Quiet Quitting: Is This Your Best Work?

Darrell VanDeusen
Darrell VanDeusen

One of my son’s favorite movies when he was in high school was Office Space (1999).  I also enjoyed it alot. You may recall the following dialogue between Peter (Ron Livingston) and Joanna (Jennifer Aniston):

Peter:               I, uh, I don’t like my job. I don’t think I’m gonna go anymore.

Joanna:            You’re just not gonna go?

Peter:               Yeah.

Joanna:            Won’t you get fired?

Peter:               I don’t know. But I really don’t like it so I’m not gonna go.

Joanna:            SO YOU’RE GONNA QUIT?

Peter:               No, no, not really. I’m just gonna stop going.

The recent reporting in the Wall Street Journal, New York Times and on NPR about the new trend of “quiet quitting” reminded me of the movie. 

In case this phenomenon passed you by, it’s the notion of not outright quitting your job, but “you’re quitting the idea of going above and beyond.” Really.

According to the Times, “[f]or some, it was mentally checking out from work. For others, it became about not accepting additional work without additional pay.”  At the risk of having someone comment “OK, Boomer,” permit me to say this just sounds like craving “work-life balance,” but with snarky undertones and real downsides.  

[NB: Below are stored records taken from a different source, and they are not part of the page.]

Lemma dd_union_le X Y A : dd (fun x => orb (X x) (Y x)) A <= dd X A + dd Y A.
Proof.
  apply nu_plus_le_add. intros x. unfold symdiff.
  destruct (X x), (Y x), (A x); simpl; lia.
Qed.

Lemma dd_incl A B :
  (forall x, A x = true -> B x = true) -> dd A B <= nu_plus B - nu_minus A.
Proof.
  intros H. enough (nu_plus (symdiff A B) + nu_minus A <= nu_plus B) by (unfold dd; lra).
  apply nu_plus_add_le. intros x. specialize (H x). unfold symdiff.
  destruct (A x), (B x); simpl; lia.
Qed.

Definition nonexpansive (f : nset -> R) : Prop := forall A B, Rabs (f A - f B) <= dd A B.

Lemma nu_plus_nonexpansive : nonexpansive nu_plus.
Proof.
  intros A B. apply Rabs_le_between. unfold dd.
  enough (nu_plus A <= nu_plus B + nu_plus (symdiff A B) /\
          nu_plus B <= nu_plus A + nu_plus (symdiff A B)) by lra.
  split; apply nu_plus_le_add; intros x; unfold symdiff; destruct (A x), (B x); simpl; lia.
Qed.

Lemma nu_minus_nonexpansive : nonexpansive nu_minus.
Proof.
  intros A B. apply Rabs_le_between. unfold dd.
  enough (nu_minus A <= nu_minus B + nu_plus (symdiff A B) /\
          nu_minus B <= nu_minus A + nu_plus (symdiff A B)) by lra.
  split; apply nu_minus_le_add; intros x; unfold symdiff; destruct (A x), (B x); simpl; lia.
Qed.

Lemma dd_nonexpansive A : nonexpansive (fun X => dd X A).
Proof.
  intros X Y. apply Rabs_le_between.
  pose proof (dd_triangle X Y A). pose proof (dd_triangle Y X A).
  rewrite (dd_comm Y X) in *. lra.
Qed.

Lemma union_range_spec A i j x :
  union_range A i j x = true <-> exists k, (i <= k <= j)%nat /\ A k x = true.
Proof.
  unfold union_range. rewrite existsb_exists. split.
  - intros [k [Hk1 Hk2]]. apply in_seq in Hk1. exists k. split; [lia | exact Hk2].
  - intros [k [Hk1 Hk2]]. exists k. split; [apply in_seq; lia | exact Hk2].
Qed.

Lemma union_range_mono A i j i' j' x :
  (i' <= i)%nat -> (j <= j')%nat -> union_range A i j x = true -> union_range A i' j' x = true.
Proof.
  intros Hi Hj H. apply union_range_spec in H. destruct H as [k [Hk HA]].
  apply union_range_spec. exists k. split; [lia | exact HA].
Qed.

Lemma union_range_diag A p : union_range A p p = A p.
Proof.
  apply functional_extensionality. intros x. unfold union_range.
  replace (S p - p)%nat with 1%nat by lia. simpl. apply Bool.orb_false_r.
Qed.

Lemma union_range_S A i j :
  (i <= S j)%nat -> union_range A i (S j) = fun x => orb (union_range A i j x) (A (S j) x).
Proof.
  intros Hij. apply functional_extensionality. intros x. unfold union_range.
  replace (S (S j) - i)%nat with (S (S j - i)) by lia.
  rewrite seq_S, existsb_app. replace (i + (S j - i))%nat with (S j) by lia.
  simpl. rewrite Bool.orb_false_r. reflexivity.
Qed.

Lemma net_cvg_unique x L L' : net_cvg x L -> net_cvg x L' -> L = L'.
Proof.
  intros H H'.
  enough (Hc : forall eps, 0 < eps -> L <= L' + eps /\ L' <= L + eps).
  { apply Rle_antisym; apply Rle_plus_epsilon; intros eps He; apply Hc, He. }
  intros eps He.
  destruct (H (eps/2) ltac:(lra)) as [i0 [j0 [_ H0]]].
  destruct (H' (eps/2) ltac:(lra)) as [i1 [j1 [_ H1]]].
  specialize (H0 (i0 + i1) (i0 + i1 + j0 + j1))%nat.
  specialize (H1 (i0 + i1) (i0 + i1 + j0 + j1))%nat.
  rewrite Rabs_lt_between in H0, H1.
  specialize (H0 ltac:(lia) ltac:(lia) ltac:(lia)).
  specialize (H1 ltac:(lia) ltac:(lia) ltac:(lia)).
  lra.
Qed.

Lemma net_cvg_nonexpansive f U A :
  nonexpansive f -> net_cvg (fun i j => dd (U i j) A) 0 ->
  net_cvg (fun i j => f (U i j)) (f A).
Proof.
  intros Hf HU eps He. destruct (HU eps He) as [i0 [j0 [Hij0 H]]].
  exists i0, j0. split; [exact Hij0|]. intros i j Hij Hi Hj.
  specialize (H i j Hij Hi Hj). rewrite Rminus_0_r, Rabs_pos_eq in H by apply dd_nonneg.
  eapply Rle_lt_trans; [apply Hf | exact H].
Qed.

Definition dd_cauchy (X : nat -> nset) : Prop :=
  forall eps, 0 < eps -> exists K, forall p q, (K <= p)%nat -> (K <= q)%nat -> dd (X p) (X q) < eps.

Definition dd_seq_cvg (X : nat -> nset) (B : nset) : Prop :=
  forall eps, 0 < eps -> exists K, forall p, (K <= p)%nat -> dd (X p) B < eps.

Fixpoint block_index (Nf : nat -> nat) (n t : nat) : nat :=
  match t with
  | O => O
  | S t' => if Nat.leb (Nf (S t')) n then S t' else block_index Nf n t'
  end.

(* [block_index Nf n n] is the largest [q <= n] with [Nf q <= n] (or 0), so the
   glued set agrees with [Y q] on the block [[Nf q, Nf (S q))]. *)
Definition glue (Nf : nat -> nat) (Y : nat -> nset) : nset :=
  fun x => Y (block_index Nf x x) x.

Section Gluing.

Variable Nf : nat -> nat.
Hypothesis Nf_gt : forall q, (q < Nf q)%nat.
Hypothesis Nf_double : forall q, (2 * Nf q <= Nf (S q))%nat.

Lemma Nf_mono a b : (a <= b)%nat -> (Nf a <= Nf b)%nat.
Proof. induction 1 as [|b _ IH]; [lia|]. specialize (Nf_double b). lia. Qed.

Lemma block_index_spec q n : (Nf q <= n < Nf (S q))%nat -> block_index Nf n n = q.
Proof.
  intros [Hq Hn].
  assert (Hgt : forall q', (q < q')%nat -> (n < Nf q')%nat)
    by (intros q' Hq'; pose proof (Nf_mono (S q) q' Hq'); lia).
  enough (H : forall t, (q <= t)%nat -> block_index Nf n t = q)
    by (apply H; pose proof (Nf_gt q); lia).
  induction t as [|t IH]; intros Ht; simpl; [lia|].
  destruct (Nat.eq_dec q (S t)) as [->|Hne].
  - apply Nat.leb_le in Hq. rewrite Hq. reflexivity.
  - destruct (Nat.leb_spec (Nf (S t)) n) as [Hle|_]; [specialize (Hgt (S t)); lia|].
    apply IH. lia.
Qed.

Lemma block_exists m n : (Nf m <= n)%nat -> exists q, (m <= q)%nat /\ (Nf q <= n < Nf (S q))%nat.
Proof.
  intros Hm.
  enough (H : forall t p, (Nf p <= n)%nat -> (n < Nf (p + t))%nat ->
                exists q, (p <= q)%nat /\ (Nf q <= n < Nf (S q))%nat).
  { apply (H n m Hm). pose proof (Nf_gt (m + n)). lia. }
  induction t as [|t IH]; intros p H1 H2; [rewrite Nat.add_0_r in H2; lia|].
  destruct (Compare_dec.le_lt_dec (Nf (S p)) n) as [H3|H3].
  - destruct (IH (S p) H3) as [q [Hq1 Hq2]]; [replace (S p + t)%nat with (p + S t)%nat by lia; exact H2|].
    exists q. split; [lia | exact Hq2].
  - exists p. split; lia.
Qed.

Variables (Y : nat -> nset) (m : nat) (c : R).
Hypothesis ratio_tail :
  forall q n, (m <= q)%nat -> (Nf q <= n)%nat -> ratio (symdiff (Y q) (Y m)) n <= c.

Lemma glue_block q x : (Nf q <= x < Nf (S q))%nat -> glue Nf Y x = Y q x.
Proof. intros Hx. unfold glue. rewrite (block_index_spec q x Hx). reflexivity. Qed.

Lemma tail_bound_nonneg : 0 <= c.
Proof.
  pose proof (ratio_tail m (Nf m) (le_n _) (le_n _)).
  pose proof (ratio_bounds (symdiff (Y m) (Y m)) (Nf m)). lra.
Qed.

(* Block [q] contributes at most [c] times its right end, so the total up to [N]
   telescopes against the doubling of [Nf]. *)
Lemma cnt_glue_le q N :
  (m <= q)%nat -> (Nf q <= N <= Nf (S q))%nat ->
  INR (cnt (symdiff (glue Nf Y) (Y m)) N) <= INR (Nf m) + c * (2 * INR (Nf q) + INR N).
Proof.
  pose proof tail_bound_nonneg as Hc.
  set (D := symdiff (glue Nf Y) (Y m)).
  intros Hmq. revert N. induction Hmq as [|q Hmq IH]; intros N HN.
  - pose proof (cnt_agree D (symdiff (Y m) (Y m)) (Nf m) (N - Nf m)) as Hag.
    replace (Nf m + (N - Nf m))%nat with N in Hag by lia.
    rewrite !(cnt_empty (symdiff (Y m) (Y m))) in Hag
      by (intros x; apply Bool.xorb_nilpotent).
    assert (Hle : (cnt D N <= Nf m)%nat).
    { specialize (Hag ltac:(intros x Hx; unfold D, symdiff; rewrite (glue_block m x) by lia; reflexivity)).
      pose proof (cnt_le D (Nf m)). lia. }
    apply le_INR in Hle. pose proof (pos_INR (Nf m)). pose proof (pos_INR N). nra.
  - set (Dq := symdiff (Y (S q)) (Y m)).
    pose proof (cnt_agree D Dq (Nf (S q)) (N - Nf (S q))) as Hag.
    replace (Nf (S q) + (N - Nf (S q)))%nat with N in Hag by lia.
    assert (Hle : (cnt D N <= cnt D (Nf (S q)) + cnt Dq N)%nat).
    { specialize (Hag ltac:(intros x Hx; unfold D, Dq, symdiff; rewrite (glue_block (S q) x) by lia; reflexivity)).
      lia. }
    apply le_INR in Hle. rewrite plus_INR in Hle.
    specialize (IH (Nf (S q)) ltac:(split; [apply Nf_mono|]; lia)).
    assert (HDq : INR (cnt Dq N) <= c * INR N).
    { apply cnt_le_of_ratio; [pose proof (Nf_gt (S q)); lia|]. apply ratio_tail; lia. }
    assert (Hdbl : 2 * INR (Nf q) <= INR (Nf (S q))).
    { replace 2 with (INR 2) by (simpl; lra). rewrite <- mult_INR. apply le_INR, Nf_double. }
    pose proof (pos_INR N). nra.
Qed.

Lemma dd_glue_le : dd (glue Nf Y) (Y m) <= 3 * c.
Proof.
  pose proof tail_bound_nonneg as Hc.
  apply nu_plus_le_of_eventually. intros eps He.
  destruct (INR_unbounded (INR (Nf m) / eps)) as [K HK].
  exists (Nf m + K)%nat. intros n Hn.
  destruct (block_exists m n) as [q [Hmq Hq]]; [lia|].
  pose proof (cnt_glue_le q n Hmq ltac:(lia)) as Hcnt.
  apply ratio_le_of_cnt; [pose proof (Nf_gt m); lia|].
  assert (HKn : INR K <= INR n) by (apply le_INR; lia).
  assert (Hqn : INR (Nf q) <= INR n) by (apply le_INR; lia).
  assert (HmK : INR (Nf m) < eps * INR K).
  { apply Rgt_lt, (Rmult_lt_compat_r eps) in HK; [|exact He].
    unfold Rdiv in HK. rewrite Rmult_assoc, Rinv_l, Rmult_1_r in HK by lra. lra. }
  nra.
Qed.

End Gluing.

Fixpoint thresholds (g : nat -> nat) (q : nat) : nat :=
  match q with
  | O => S (g O)
  | S q' => (g (S q') + 2 * thresholds g q')%nat
  end.

Lemma eventually_forall_le (P : nat -> nat -> Prop) r :
  (forall m, (m <= r)%nat -> exists N, forall n, (N <= n)%nat -> P m n) ->
  exists N, forall m n, (m <= r)%nat -> (N <= n)%nat -> P m n.
Proof.
  induction r as [|r IH]; intros H.
  - destruct (H 0%nat (le_n _)) as [N HN]. exists N. intros m n Hm Hn.
    replace m with 0%nat by lia. exact (HN n Hn).
  - destruct IH as [N1 H1]; [intros m Hm; apply H; lia|].
    destruct (H (S r) (le_n _)) as [N2 H2]. exists (N1 + N2)%nat. intros m n Hm Hn.
    destruct (Nat.eq_dec m (S r)) as [->|Hne]; [apply H2 | apply H1]; lia.
Qed.

(* The blocks end at points [thresholds g q] that at least double and lie past the
   index [g q] from which [Y q] is within ratio [2 * delta m] of every [Y m], [m <= q]. *)
Lemma fast_cauchy_cvg (Y : nat -> nset) (delta : nat -> R) :
  (forall m, 0 < delta m) ->
  (forall m q, (m <= q)%nat -> dd (Y q) (Y m) <= delta m) ->
  exists B, forall m, dd B (Y m) <= 6 * delta m.
Proof.
  intros Hpos HY.
  assert (Hg : forall q, exists N, forall m n, (m <= q)%nat -> (N <= n)%nat ->
                 ratio (symdiff (Y q) (Y m)) n <= 2 * delta m).
  { intros q. apply eventually_forall_le. intros m Hmq.
    destruct (ratio_eventually_lt_nu_plus (symdiff (Y q) (Y m)) (delta m) (Hpos m)) as [N HN].
    exists N. intros n Hn. specialize (HN n Hn). specialize (HY m q Hmq). unfold dd in HY. lra. }
  destruct (choice _ Hg) as [g Hgs].
  assert (Hge : forall q, (g q <= thresholds g q)%nat) by (intros [|q]; simpl; lia).
  assert (Hgt : forall q, (q < thresholds g q)%nat) by (induction q; simpl; lia).
  assert (Hdbl : forall q, (2 * thresholds g q <= thresholds g (S q))%nat) by (intros q; simpl; lia).
  exists (glue (thresholds g) Y). intros m. replace (6 * delta m) with (3 * (2 * delta m)) by ring.
  apply dd_glue_le; [exact Hgt | exact Hdbl |].
  intros q n Hmq Hn. apply Hgs; [exact Hmq | specialize (Hge q); lia].
Qed.

Lemma monotone_majorant (K : nat -> nat) :
  exists phi, (forall m, (K m <= phi m)%nat) /\ (forall a b, (a <= b)%nat -> (phi a <= phi b)%nat).
Proof.
  exists (fix phi m := match m with O => K O | S m' => (phi m' + K (S m'))%nat end).
  split; [intros [|m]; simpl; lia|].
  induction 1; simpl; lia.
Qed.

Lemma dd_cauchy_cvg X : dd_cauchy X -> exists B, dd_seq_cvg X B.
Proof.
  intros HC.
  assert (Hpos : forall m, 0 < (1/2)^m) by (intros m; apply pow_lt; lra).
  destruct (choice (fun m K => forall p q, (K <= p)%nat -> (K <= q)%nat -> dd (X p) (X q) < (1/2)^m)
              (fun m => HC _ (Hpos m))) as [K HK].
  destruct (monotone_majorant K) as [phi [HKphi Hphi]].
  destruct (fast_cauchy_cvg (fun m => X (phi m)) (fun m => (1/2)^m) Hpos) as [B HB].
  { intros m q Hmq. apply Rlt_le, HK; [|apply HKphi].
    specialize (HKphi m). specialize (Hphi m q Hmq). lia. }
  exists B. intros eps He.
  destruct (pow_lt_1_zero (1/2) ltac:(rewrite Rabs_pos_eq; lra) (eps/7) ltac:(lra)) as [N HN].
  exists (phi N). intros p Hp.
  specialize (HN N (le_n _)). rewrite Rabs_pos_eq in HN by (apply Rlt_le, Hpos).
  specialize (HB N). simpl in HB. rewrite dd_comm in HB.
  pose proof (HK N p (phi N) ltac:(specialize (HKphi N); lia) (HKphi N)).
  pose proof (dd_triangle (X p) (X (phi N)) B). lra.
Qed.

Lemma union_net_cauchy A L :
  net_cvg (fun i j => nu_plus (union_range A i j)) L ->
  net_cvg (fun i j => nu_minus (union_range A i j)) L ->
  forall eps, 0 < eps -> exists i0 j0, forall i j i' j',
    (i <= j)%nat -> (i' <= j')%nat -> (i0 <= i)%nat -> (j0 <= j)%nat ->
    (i0 <= i')%nat -> (j0 <= j')%nat ->
    dd (union_range A i j) (union_range A i' j') < eps.
Proof.
  intros Hp Hm eps He.
  destruct (Hp (eps/4) ltac:(lra)) as [i1 [j1 [_ H1]]].
  destruct (Hm (eps/4) ltac:(lra)) as [i2 [j2 [_ H2]]].
  exists (i1 + i2)%nat, (j1 + j2)%nat. intros i j i' j' Hij Hij' Hi Hj Hi' Hj'.
  set (lo := Nat.min i i'). set (hi := Nat.max j j').
  assert (Hsub : forall a b, (a <= b)%nat -> (i1 + i2 <= a)%nat -> (j1 + j2 <= b)%nat ->
            (lo <= a)%nat -> (b <= hi)%nat ->
            dd (union_range A a b) (union_range A lo hi) < eps / 2).
  { intros a b Hab Ha Hb Hla Hbh.
    eapply Rle_lt_trans; [apply dd_incl; intros x; apply union_range_mono; assumption|].
    specialize (H1 lo hi ltac:(lia) ltac:(lia) ltac:(lia)).
    specialize (H2 a b Hab ltac:(lia) ltac:(lia)).
    apply Rabs_lt_between in H1, H2. lra. }
  pose proof (Hsub i j Hij Hi Hj ltac:(lia) ltac:(lia)).
  pose proof (Hsub i' j' Hij' Hi' Hj' ltac:(lia) ltac:(lia)).
  pose proof (dd_triangle (union_range A i j) (union_range A lo hi) (union_range A i' j')).
  rewrite (dd_comm (union_range A lo hi)) in *. lra.
Qed.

Anyone who has spent time around me knows that I am huge fan of work life balance.  It’s the main reason I left BIGLAW to join friends in a work environment I had some control over.  I didn’t stay at BIGLAW so – to use a phrase I learned from my friend and partner Frank Kollman – I could work for a paycheck with “delusions of adequacy.”   Or, to quote Hawkeye Pierce in M*A*S*H: “never let it be said I didn’t do the least I could do.”  

Enough reminiscing; what’s the point of this Blog? (It’s more than just I needed to write something, really it is).  We’ve been through a rough couple of years, and it doesn’t look like there are any rainbows and unicorns on the horizon.  For employers trying to find good help (or any help, it seems), the world of work is challenging at best. As it is for employees, to be sure.

If you are an employer, try to engage your employees. If someone is not performing at the level at which you need them, ask questions and find out why.  Help them.  Caveat here:  be absolutely sure you are treating similar folks in similar positions similarly (remember anti-discrimination law requirements).

If you are an employee, just doing the bare minimum to get by should not be deemed sufficient for your self-esteem or your development as a human being.  If you are unhappy in your circumstance, change it – there are lots of employers out there looking to hire people with a good attitude and work ethic.   “Meh” should not become the new normal in the workplace.   A question you should always ask yourself (and the one that makes associates who have worked with me over the years cringe is:  “is this your best work?  Think hard before you answer.”